* Directions:
Could you reproduce the lines below from the one with "Left invariance of" through the one with "Lemma mu_full : mu (fun _ => True) = 1."? Keep both ends and add nothing.
*** Records shown ***
Definition left_fairly_invariant (U : Type) (op : U -> U -> U)
  (mu : (U -> Prop) -> R) : Prop :=
  forall s A, acts_inj_left op s A -> mu (left_translate op s A) = mu A.
Definition right_fairly_invariant (U : Type) (op : U -> U -> U)
  (mu : (U -> Prop) -> R) : Prop :=
  forall s A, acts_inj_right op s A -> mu (right_translate op s A) = mu A.

Definition left_fairly_amenable (U : Type) (op : U -> U -> U) : Prop :=
  exists mu, fa_prob_measure mu /\ left_fairly_invariant op mu.
Definition right_fairly_amenable (U : Type) (op : U -> U -> U) : Prop :=
  exists mu, fa_prob_measure mu /\ right_fairly_invariant op mu.

Definition prod_op (S T : Type) (opS : S -> S -> S) (opT : T -> T -> T)
  (x y : S * T) : S * T := (opS (fst x) (fst y), opT (snd x) (snd y)).

From Stdlib Require Import Reals ClassicalEpsilon FunctionalExtensionality
  PropExtensionality Classical Lra Lia List.
Open Scope R_scope.

(* Given left fairly invariant finitely additive probabilities muU on U and
   muV on V, the witness for U x V is the product measure
       nu(C) = int muV(C_a) dmuU(a),   C_a = { b | (a, b) in C },
   where the integral is the lower integral of a [0,1]-valued function
   (supremum of the elementary integrals of simple functions below it).

   Left invariance of nu under (s,t) on a set C where (s,t) acts injectively:
   C splits into pieces over the transversals of its projection, on each of
   which s acts injectively so invariance follows by change of variables; the
   remaining layer has negligible measure by the counting lemmas on peelings.
   The right case is the left case for the opposite semigroups. *)


Lemma set_ext {U : Type} (A B : U -> Prop) : (forall x, A x <-> B x) -> A = B.
Proof.
  intro H; apply functional_extensionality; intro x.
  apply propositional_extensionality; auto.
Qed.

Lemma mu_ext {U : Type} (mu : (U -> Prop) -> R) (A B : U -> Prop) :
  (forall x, A x <-> B x) -> mu A = mu B.
Proof. intro H; rewrite (set_ext A B H); reflexivity. Qed.

Definition image {U V : Type} (f : U -> V) (A : U -> Prop) : V -> Prop :=
  fun y => exists a, A a /\ y = f a.

Definition injective_on {U V : Type} (f : U -> V) (A : U -> Prop) : Prop :=
  forall a b, A a -> A b -> f a = f b -> a = b.

(* mu(f(Y)) = mu(Y) whenever f is injective on Y.  Left fair invariance of mu
   is exactly this property for every left translation x |-> s x. *)
Definition image_invariant {U : Type} (mu : (U -> Prop) -> R) (f : U -> U) : Prop :=
  forall Y, injective_on f Y -> mu (image f Y) = mu Y.

Section FiniteAdditivity.
Context {U : Type} (mu : (U -> Prop) -> R) (Hmu : fa_prob_measure mu).

Lemma mu_bounds A : 0 <= mu A <= 1.
Proof. apply Hmu. Qed.

Lemma mu_full : mu (fun _ => True) = 1.
Proof. apply Hmu. Qed.

Lemma mu_disj (A B : U -> Prop) :
  (forall x, A x -> B x -> False) -> mu (fun x => A x \/ B x) = mu A + mu B.
Proof. apply Hmu. Qed.

Lemma mu_null (A : U -> Prop) : (forall x, ~ A x) -> mu A = 0.
Proof.
  intro HA. assert (E : mu (fun x => A x \/ A x) = mu A + mu A)
    by (apply mu_disj; intros x Ax; destruct (HA x Ax)).
  rewrite (mu_ext mu _ A) in E by tauto. lra.
Qed.

Lemma mu_split (A D : U -> Prop) :
  mu A = mu (fun x => A x /\ D x) + mu (fun x => A x /\ ~ D x).
Proof.
  rewrite <- mu_disj by tauto.
  apply mu_ext; intro x; destruct (classic (D x)); tauto.
Qed.

Lemma mu_mono (A B : U -> Prop) : (forall x, A x -> B x) -> mu A <= mu B.
Proof.
  intro HAB. rewrite (mu_split B A), (mu_ext mu (fun x => B x /\ A x) A) by firstorder.
  destruct (mu_bounds (fun x => B x /\ ~ A x)); lra.
Qed.

End FiniteAdditivity.

Definition simple (U : Type) := list (R * (U -> Prop)).

Definition ind {U : Type} (A : U -> Prop) (x : U) : R :=
  if excluded_middle_informative (A x) then 1 else 0.

Fixpoint ev {U : Type} (L : simple U) (x : U) : R :=
  match L with nil => 0 | (c, A) :: L' => c * ind A x + ev L' x end.

Fixpoint Phi {U : Type} (mu : (U -> Prop) -> R) (L : simple U) : R :=
  match L with nil => 0 | (c, A) :: L' => c * mu A + Phi mu L' end.

Definition mapsets {U V : Type} (g : (U -> Prop) -> V -> Prop) (L : simple U)
  : simple V := map (fun p => (fst p, g (snd p))) L.

Definition restr {U : Type} (L : simple U) (D : U -> Prop) : simple U :=
  mapsets (fun A x => A x /\ D x) L.

Lemma ind_in {U : Type} (A : U -> Prop) x : A x -> ind A x = 1.
Proof. unfold ind; destruct excluded_middle_informative; tauto. Qed.

Lemma ind_out {U : Type} (A : U -> Prop) x : ~ A x -> ind A x = 0.
Proof. unfold ind; destruct excluded_middle_informative; tauto. Qed.

Lemma ev_mapsets_in {U V : Type} (g : (U -> Prop) -> V -> Prop) L x y :
  (forall A, g A y <-> A x) -> ev (mapsets g L) y = ev L x.
Proof.
  intro H; induction L as [|[c A] L IH]; simpl; auto.
  rewrite IH; destruct (classic (A x)).
  - rewrite !ind_in by (rewrite ?H; auto); reflexivity.
  - rewrite !ind_out by (rewrite ?H; auto); reflexivity.
Qed.

Lemma ev_mapsets_out {U V : Type} (g : (U -> Prop) -> V -> Prop) L y :
  (forall A, ~ g A y) -> ev (mapsets g L) y = 0.
Proof.
  intro H; induction L as [|[c A] L IH]; simpl; auto.
  rewrite IH, ind_out by apply H; ring.
Qed.

Lemma Phi_mapsets {U V W : Type} (mu : (V -> Prop) -> R) (mu' : (W -> Prop) -> R)
  (g : (U -> Prop) -> V -> Prop) (g' : (U -> Prop) -> W -> Prop) L :
  (forall A, mu (g A) = mu' (g' A)) -> Phi mu (mapsets g L) = Phi mu' (mapsets g' L).
Proof. intro H; induction L as [|[c A] L IH]; simpl; rewrite ?IH, ?H; auto. Qed.

Lemma mapsets_id {U : Type} (L : simple U) : mapsets (fun A => A) L = L.
Proof. induction L as [|[c A] L IH]; simpl; rewrite ?IH; auto. Qed.

Lemma ev_restr_in {U : Type} (L : simple U) D x : D x -> ev (restr L D) x = ev L x.
Proof. intro Dx; apply ev_mapsets_in; tauto. Qed.

Lemma ev_restr_out {U : Type} (L : simple U) D x : ~ D x -> ev (restr L D) x = 0.
Proof. intro Dx; apply ev_mapsets_out; tauto. Qed.

Lemma ev_app {U : Type} (L1 L2 : simple U) x : ev (L1 ++ L2) x = ev L1 x + ev L2 x.
Proof. induction L1 as [|[c A] L IH]; simpl; [ring | rewrite IH; ring]. Qed.

Lemma Phi_app {U : Type} mu (L1 L2 : simple U) : Phi mu (L1 ++ L2) = Phi mu L1 + Phi mu L2.
Proof. induction L1 as [|[c A] L IH]; simpl; [ring | rewrite IH; ring]. Qed.

Definition negL {U : Type} (L : simple U) : simple U := map (fun p => (- fst p, snd p)) L.

Lemma ev_neg {U : Type} (L : simple U) x : ev (negL L) x = - ev L x.
Proof. induction L as [|[c A] L IH]; simpl; [ring | rewrite IH; ring]. Qed.

Lemma Phi_neg {U : Type} mu (L : simple U) : Phi mu (negL L) = - Phi mu L.
Proof. induction L as [|[c A] L IH]; simpl; [ring | rewrite IH; ring]. Qed.

(* The elementary integral [Phi mu] is a positive linear functional: this is
   where finite additivity of mu is used. *)
Section ElementaryIntegral.
Context {U : Type} (mu : (U -> Prop) -> R) (Hmu : fa_prob_measure mu).

Lemma Phi_restr_full (L : simple U) : Phi mu (restr L (fun _ => True)) = Phi mu L.
Proof.
  rewrite <- (mapsets_id L) at 2; apply Phi_mapsets; intro A.
  apply mu_ext; tauto.
Qed.

Lemma Phi_split (L : simple U) D E :
  Phi mu (restr L D) =
  Phi mu (restr L (fun x => D x /\ E x)) + Phi mu (restr L (fun x => D x /\ ~ E x)).
Proof.
  induction L as [|[c A] L IH]; simpl; [ring|].
  rewrite IH, (mu_split mu Hmu (fun x => A x /\ D x) E).
  rewrite (mu_ext mu (fun x => (A x /\ D x) /\ E x) (fun x => A x /\ D x /\ E x)),
    (mu_ext mu (fun x => (A x /\ D x) /\ ~ E x) (fun x => A x /\ D x /\ ~ E x)) by tauto.
  ring.
Qed.

(* Positivity, in the strengthened form needed for the induction on L:
   c 1_D + L >= 0 on D implies c mu(D) + Phi(L restricted to D) >= 0. *)
Lemma Phi_restr_nonneg (L : simple U) : forall c D,
  (forall x, D x -> 0 <= c + ev L x) -> 0 <= c * mu D + Phi mu (restr L D).
Proof.
  induction L as [|[c1 A1] L IH]; intros c D H; simpl.
  - destruct (classic (exists x, D x)) as [[x Dx] | Nx].
    + specialize (H x Dx); simpl in H. destruct (mu_bounds mu Hmu D). nra.
    + rewrite (mu_null mu Hmu D) by (intros x Dx; eauto). lra.
  - assert (In : 0 <= (c + c1) * mu (fun x => D x /\ A1 x)
                      + Phi mu (restr L (fun x => D x /\ A1 x))).
    { apply IH; intros x [Dx Ax]; specialize (H x Dx); simpl in H.
      rewrite ind_in in H by auto; lra. }
    assert (Out : 0 <= c * mu (fun x => D x /\ ~ A1 x)
                       + Phi mu (restr L (fun x => D x /\ ~ A1 x))).
    { apply IH; intros x [Dx Ax]; specialize (H x Dx); simpl in H.
      rewrite ind_out in H by auto; lra. }
    rewrite (Phi_split L D A1), (mu_split mu Hmu D A1).
    rewrite (mu_ext mu (fun x => A1 x /\ D x) (fun x => D x /\ A1 x)) by tauto.
    lra.
Qed.

Lemma Phi_nonneg (L : simple U) : (forall x, 0 <= ev L x) -> 0 <= Phi mu L.
Proof.
  intro H. assert (P := Phi_restr_nonneg L 0 (fun _ => True)).
  rewrite Phi_restr_full in P.
  enough (0 <= 0 * mu (fun _ => True) + Phi mu L) by lra.
  apply P; intros x _; specialize (H x); lra.
Qed.

Lemma Phi_mono (L1 L2 : simple U) :
  (forall x, ev L1 x <= ev L2 x) -> Phi mu L1 <= Phi mu L2.
Proof.
  intro H. assert (P := Phi_nonneg (L2 ++ negL L1)).
  rewrite Phi_app, Phi_neg in P.
  enough (0 <= Phi mu L2 + - Phi mu L1) by lra.
  apply P; intro x; rewrite ev_app, ev_neg; specialize (H x); lra.
Qed.

Lemma Phi_le_restr (L : simple U) D :
  (forall x, ~ D x -> ev L x <= 0) -> Phi mu L <= Phi mu (restr L D).
Proof.
  intro H. rewrite <- (Phi_restr_full L) at 1.
  rewrite (Phi_split L _ D).
  replace (Phi mu (restr L (fun x => True /\ D x))) with (Phi mu (restr L D))
    by (apply Phi_mapsets; intro; apply mu_ext; tauto).
  enough (Phi mu (restr L (fun x => True /\ ~ D x)) <= Phi mu (@nil (R * (U -> Prop))))
    by (simpl in *; lra).
  apply Phi_mono; intro x; simpl; destruct (classic (D x)).
  - rewrite ev_restr_out by tauto; lra.
  - rewrite ev_restr_in by tauto; auto.
Qed.

End ElementaryIntegral.

Definition unit_valued {U : Type} (h : U -> R) : Prop := forall x, 0 <= h x <= 1.

Definition below {U : Type} (h : U -> R) (L : simple U) : Prop := forall x, ev L x <= h x.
*** End of Records shown ***
* Response to the exercise:
   Left invariance of nu under (s,t) on a set C where (s,t) acts injectively:
   C splits into pieces over the transversals of its projection, on each of
   which s acts injectively so invariance follows by change of variables; the
   remaining layer has negligible measure by the counting lemmas on peelings.
   The right case is the left case for the opposite semigroups. *)


Lemma set_ext {U : Type} (A B : U -> Prop) : (forall x, A x <-> B x) -> A = B.
Proof.
  intro H; apply functional_extensionality; intro x.
  apply propositional_extensionality; auto.
Qed.

Lemma mu_ext {U : Type} (mu : (U -> Prop) -> R) (A B : U -> Prop) :
  (forall x, A x <-> B x) -> mu A = mu B.
Proof. intro H; rewrite (set_ext A B H); reflexivity. Qed.

Definition image {U V : Type} (f : U -> V) (A : U -> Prop) : V -> Prop :=
  fun y => exists a, A a /\ y = f a.

Definition injective_on {U V : Type} (f : U -> V) (A : U -> Prop) : Prop :=
  forall a b, A a -> A b -> f a = f b -> a = b.

(* mu(f(Y)) = mu(Y) whenever f is injective on Y.  Left fair invariance of mu
   is exactly this property for every left translation x |-> s x. *)
Definition image_invariant {U : Type} (mu : (U -> Prop) -> R) (f : U -> U) : Prop :=
  forall Y, injective_on f Y -> mu (image f Y) = mu Y.

Section FiniteAdditivity.
Context {U : Type} (mu : (U -> Prop) -> R) (Hmu : fa_prob_measure mu).

Lemma mu_bounds A : 0 <= mu A <= 1.
Proof. apply Hmu. Qed.

Lemma mu_full : mu (fun _ => True) = 1.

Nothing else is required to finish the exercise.